Due to a lack of data, the third category of the NICE classification scheme has been dropped and the study focuses on the prediction of the first two classes, corresponding in the canonical interpretation to the two classes of hyperplastic and adenomatous polyps. Similar restrictions have already been made in other studies, such as in [2], discussed in the related work of this study. The data set comprises overall 27 images of class NICE II polyps and 34 images of class NICE I.

Due to the data set containing only a single image per polyp, the splits of the data set were disjoint concerning the contained polyp specimens and did not introduce any immediate or latent correlations between training and testing data.

As preprocessing measures, the images were cropped to the polyp region and down- or upsampled to a common shape of \(224 \times 224\). The images have not been made subject to further preprocessing methods.

Paris classification

The first classification method will focus on the Paris classification using white light endoscopy. The following subsection will illustrate the automated NICE classification.

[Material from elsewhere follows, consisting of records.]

Lemma Rintegral_sum (I : Type) (s : seq I) (F : I -> T -> R) :
  (forall i, Rintegrable (F i)) ->
  \int[mu]_x (\sum_(i <- s) F i x) = \sum_(i <- s) \int[mu]_x F i x.
Proof.
move=> intF; elim: s => [|i s IH].
  by under eq_Rintegral do rewrite big_nil; rewrite Rintegral_cst1 big_nil.
under eq_Rintegral do rewrite big_cons.
rewrite RintegralD ?IH ?big_cons //; first exact: intF.
exact: (Rintegrable_sum s intF).
Qed.

Lemma probability_fin A : measurable A -> mu A = (fine (mu A))%:E.
Proof. by move=> mA; rewrite fineK // fin_num_measure. Qed.

End RealIntegral.

Section SecondMoment.
Variables (R : realType) (d : nat).
Local Notation T := (Rd R d).
Variable mu : probability T R.
Hypothesis mu2 : finite_second_moment mu.

Lemma Rintegrable_sqnorm : Rintegrable mu (@sqnorm R d).
Proof.
apply/integrableP; split; first by apply/measurable_EFinP; exact: measurable_sqnorm.
under eq_integral do rewrite /= ger0_norm ?sqnorm_ge0 //.
exact: mu2.
Qed.

Lemma Rintegrable_quadratic (f : T -> R) (c : R) : measurable_fun setT f ->
  (forall x, `|f x| <= c * (1 + sqnorm x)) -> Rintegrable mu f.
Proof.
move=> mf f_quad; apply: Rintegrable_le mf f_quad _.
exact/RintegrableZ/RintegrableD/Rintegrable_sqnorm/Rintegrable_cst.
Qed.

Lemma Rintegrable_envelope (G : {fset 'rV[R]_d}) b0 : b0 \in G ->
  Rintegrable mu (envelope G b0).
Proof.
move=> b0G; apply: (@Rintegrable_quadratic _ (3 + 3 * sqnorm b0)).
  exact: measurable_envelope.
move=> x; have := envelope_bound b0G x.
have := sqnorm_ge0 x; have := sqnorm_ge0 b0; nra.
Qed.

Lemma Rintegrable_coord_indic (C : set T) i (c : R) : measurable C ->
  Rintegrable mu (fun x => \1_C x * (x ord0 i - c)).
Proof.
move=> mC; apply: (@Rintegrable_quadratic _ (1 + `|c|)).
  apply: measurable_funM; first exact: measurable_indic.
  by apply: measurable_funB; [exact: measurable_coord | exact: measurable_cst].
move=> x; rewrite normrM; have := coord_le_sqnorm x i; have := sqnorm_ge0 x.
have := normr_ge0 c; have := ler_normB (x ord0 i) c.
have : `|x ord0 i| <= 1 + x ord0 i ^+ 2.
  by rewrite -(real_normK (num_real (x ord0 i))); have := normr_ge0 (x ord0 i); nra.
have : `|\1_C x : R| <= 1.
  by rewrite indicE; case: (_ \in _); rewrite ?normr1 ?normr0.
have := normr_ge0 (\1_C x : R); have := normr_ge0 (x ord0 i - c).
nra.
Qed.

Lemma distortionE (G : {fset 'rV[R]_d}) b0 : b0 \in G ->
  distortion mu G = (\int[mu]_x sqnorm x - \int[mu]_x envelope G b0 x)%:E.
Proof.
move=> b0G; rewrite -RintegralB //; last exact: Rintegrable_envelope.
  rewrite -RintegralE; last first.
    exact: RintegrableB Rintegrable_sqnorm (Rintegrable_envelope b0G).
  by apply: eq_integral => x _; rewrite (dist2E b0G).
exact: Rintegrable_sqnorm.
Qed.

End SecondMoment.

Section Stationarity.
Variables (R : realType) (d : nat).
Local Notation T := (Rd R d).
Implicit Types (x a b : 'rV[R]_d) (G : {fset 'rV[R]_d}).

Definition shift a (i : 'I_d) (m : R) : 'rV[R]_d :=
  \row_j (a ord0 j + (j == i)%:R * m).

Lemma sqdist_shift x a i m :
  sqdist x (shift a i m) - sqdist x a = m ^+ 2 - 2 * m * (x ord0 i - a ord0 i).
Proof.
rewrite /sqdist -sumrB (bigD1 i) //= big1 => [|j ji].
  by rewrite !mxE eqxx mul1r; ring.
by rewrite !mxE (negbTE ji) mul0r addr0 subrr.
Qed.

Lemma dist2_le c G x : c \in G -> (dist2 G x <= (sqdist x c)%:E)%E.
Proof. by move=> cG; apply: ereal_inf_lbound; exists c. Qed.

Lemma dist2_replace G a a' (C : set T) x : a \in G ->
  (forall x, C x -> closest G x a) ->
  (forall x, ~ C x -> exists2 b, (b \in G) && (b != a) & closest G x b) ->
  (dist2 (a' |` (G `\ a))%fset x <=
   (sqnorm x - envelope G a x + \1_C x * (sqdist x a' - sqdist x a))%:E)%E.
Proof.
move=> aG HC HnC; have [Cx|nCx] := pselect (C x).
  rewrite indicE mem_set // mul1r -(closest_sqdist aG aG (HC x Cx)).
  by rewrite addrC subrK; apply: dist2_le; rewrite !inE eqxx.
rewrite indicE memNset // mul0r addr0.
have [b /andP[bG ba] near_b] := HnC x nCx.
rewrite -(closest_sqdist aG bG near_b).
by apply: dist2_le; rewrite !inE ba bG orbT.
Qed.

Reason for leaving out classes of the Paris classification

As explained earlier polyps are divided into polypoid and non-polypoid in the Paris classification. Type I polyps are polypoid, and type II and III polyps are non-polypoid. Due to the composition of available data, only Is, IIa, Ip, and Isp forms were considered and used to classify polyps. Here, Is denotes the sessile type, IIa the flat raised polyps, Ip a pedunculated form, and Isp the semi-pedunculated polyps [7]. We do not have any data examples for the Paris categories IIb, IIc, and III in our data and the open source SUN data set. This may be due to the acquisition of most of the data from screening coloscopies where Paris types IIb, IIc and III are very rare. Therefore we had to remove those categories in our classification model. By classifying polyps into different types, it is also possible to make statements about the probability of a polyp being cancerous. In one study, it was shown that certain types in the Paris classification can lead to an increase in submucosal invasion. This correlates with a greater risk of developing lymph node metastases from polyp disease in the stomach, which may lead to a poorer prognosis. This revealed that polypoid type I (57 %) and types IIc (37 %) and III (40 %) had a higher risk of submucosal invasion. In comparison, forms IIa and IIb (29% and 20%) showed a lower probability of [7, 34].

Since the images in the data set are single video frames, images that were too small or blurred with unrecognizable content were removed manually to train the networks on recognizable images. Finally, the obtained images were prepared for the models and examined with respect to resolution.

Fig. 3
figure 3

Structure of the polyp classification system. Adopted from [35]. Polyp images are from our data (EndoData) [11]

The problem of the Paris classification is to accurately categorize polyps in medical images into the different subtypes based on shape. This is important for effective diagnosis and treatment of colonic polyps, which can lead to colorectal cancer if not detected and managed early. Current methods for polyp classification face challenges in terms of accuracy and inter-observer variability, and there is a need for a more robust and reliable solution. The aim is to develop a system that can accurately classify polyps based on the Paris criteria, and provide consistent and reliable results for clinical use.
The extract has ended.